Особенно ясно это сформулировал Янкелевич. Храбрость – не знание, а решимость; не общепринятое мнение, а поступок. Вот почему одного разума недостаточно: «Разум говорит нам, что надо делать и надо ли что-то делать, но он не говорит нам, почему надо это делать, и еще не факт, что он сам всегда следует своим советам». Если и существует храбрость разума, то только в том смысле, что разуму неведом страх. Я имею в виду, что пугается в нас вовсе не разум. Это тонко подметил Кавальес, который подчеркивает также, что одного разума мало, чтобы действовать или желать: не бывает геометрически выверенной храбрости, как не бывает храброй науки. Попробуйте доказать, даже под пыткой, что человек не должен разговаривать! Да, какое-то доказательство вы получите, но кто поверит, что оно будет достаточным? Разум у всех одинаков, и у Кавальеса, и у остальных людей. Но воля – нет. Но храбрость – нет. Храбрость есть не что иное, как самая решительная воля. И она больше всего необходима перед лицом опасности или страдания.

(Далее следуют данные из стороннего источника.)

Lemma uncovered_nested_pieces {I : Type} (U : I -> L -> Prop) (A : L -> Prop) (r : nat -> R) :
  (forall k, 0 < r k) -> totally_bounded rho A -> ~ finitely_covered U A ->
  exists (Sq : nat -> L -> Prop) (c : nat -> L),
    (forall k, ~ finitely_covered U (Sq k)) /\
    (forall k m p, (k <= m)%nat -> Sq m p -> Sq k p) /\
    (forall p, Sq O p -> A p) /\
    (forall k p, Sq (S k) p -> Unb rho (r k) (c k) p).
Proof.
  intros Hr Htb HnA.
  set (P := fun (_ : nat) S => ~ finitely_covered U S /\ forall p, S p -> A p).
  set (Rstep := fun k (S S' : L -> Prop) => (forall p, S' p -> S p) /\
                  exists z, forall p, S' p -> Unb rho (r k) z p).
  destruct (dependent_choice P Rstep A) as [Sq [HS0 HSq]].
  - split; auto.
  - intros k S [HnS HSA]. destruct (Htb (r k) (Hr k)) as [Z HZ].
    apply NNPP. intro Hn. apply HnS.
    apply (finitely_covered_of_pieces U (fun z p => Unb rho (r k) z p) Z).
    + intros p Hp. exact (HZ p (HSA p Hp)).
    + intros z _. apply NNPP. intro Hz. apply Hn.
      exists (fun p => S p /\ Unb rho (r k) z p).
      split; [split; [exact Hz|intros p [Hp _]; auto]|].
      split; [intros p [Hp _]; exact Hp|exists z; intros p [_ Hzp]; exact Hzp].
  - destruct (choice (fun k z => forall p, Sq (S k) p -> Unb rho (r k) z p))
      as [c Hc]; [intro k; apply (HSq k)|].
    exists Sq, c. split; [|split; [|split]].
    + intro k. apply (HSq k).
    + intros k m p Hkm. induction Hkm; auto. intro Hp. apply IHHkm, (HSq m), Hp.
    + intros p Hp. rewrite HS0 in Hp. exact Hp.
    + exact Hc.
Qed.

Разум универсален, храбрость уникальна. Разум анонимен, храбрость несет отпечаток личности. Вот почему и для того, чтобы мыслить, иногда нужна храбрость – точно так же, как для того, чтобы переносить страдания или бороться. Никто не станет мыслить вместо нас, никто не станет бороться вместо нас. Одного разума мало, одной истины мало – надо еще преодолеть в себе то, что бросает в дрожь и толкает нас отдать предпочтение успокоительной иллюзии или удобному обману. Здесь проявляется то, что принято называть интеллектуальной храбростью, которая есть не что иное, как отказ даже мысленно уступать страху. Отказ подчиняться чему бы то ни было, кроме истины, которая ничего не боится, хотя сама может оказаться пугающей.
Это же качество называют ясностью мысли или прозорливостью. Это храбрость признать истину, хотя одного знания истины здесь недостаточно. Всякая истина вечна, но храбрость имеет смысл лишь в своей конечности и временной протяженности. Богу храбрость ни к чему. Может, и мудрецу она не понадобилась бы, живи он в окружении вечных и бессмертных благ, о которых говорят Эпикур и Спиноза. Но это невозможно, и именно поэтому нам так нужна храбрость. Она необходима, чтобы продолжать жить, чтобы умирать, чтобы сносить страдания, чтобы сражаться, чтобы противостоять злу, чтобы сохранить в себе человеческое. Спиноза называет мужеством (animositas) «то желание, в силу которого кто-либо стремится сохранять свое существование по одному только предписанию разума» («Этика», III; 59, схолия). Но храбрость заключается не в разуме, а в желании; в усилии, а не в диктате. Мы стремимся длить свое существование – Элюар (11) говорил о упорном желании продолжаться, следовательно, храбрость – это прежде всего волевой акт.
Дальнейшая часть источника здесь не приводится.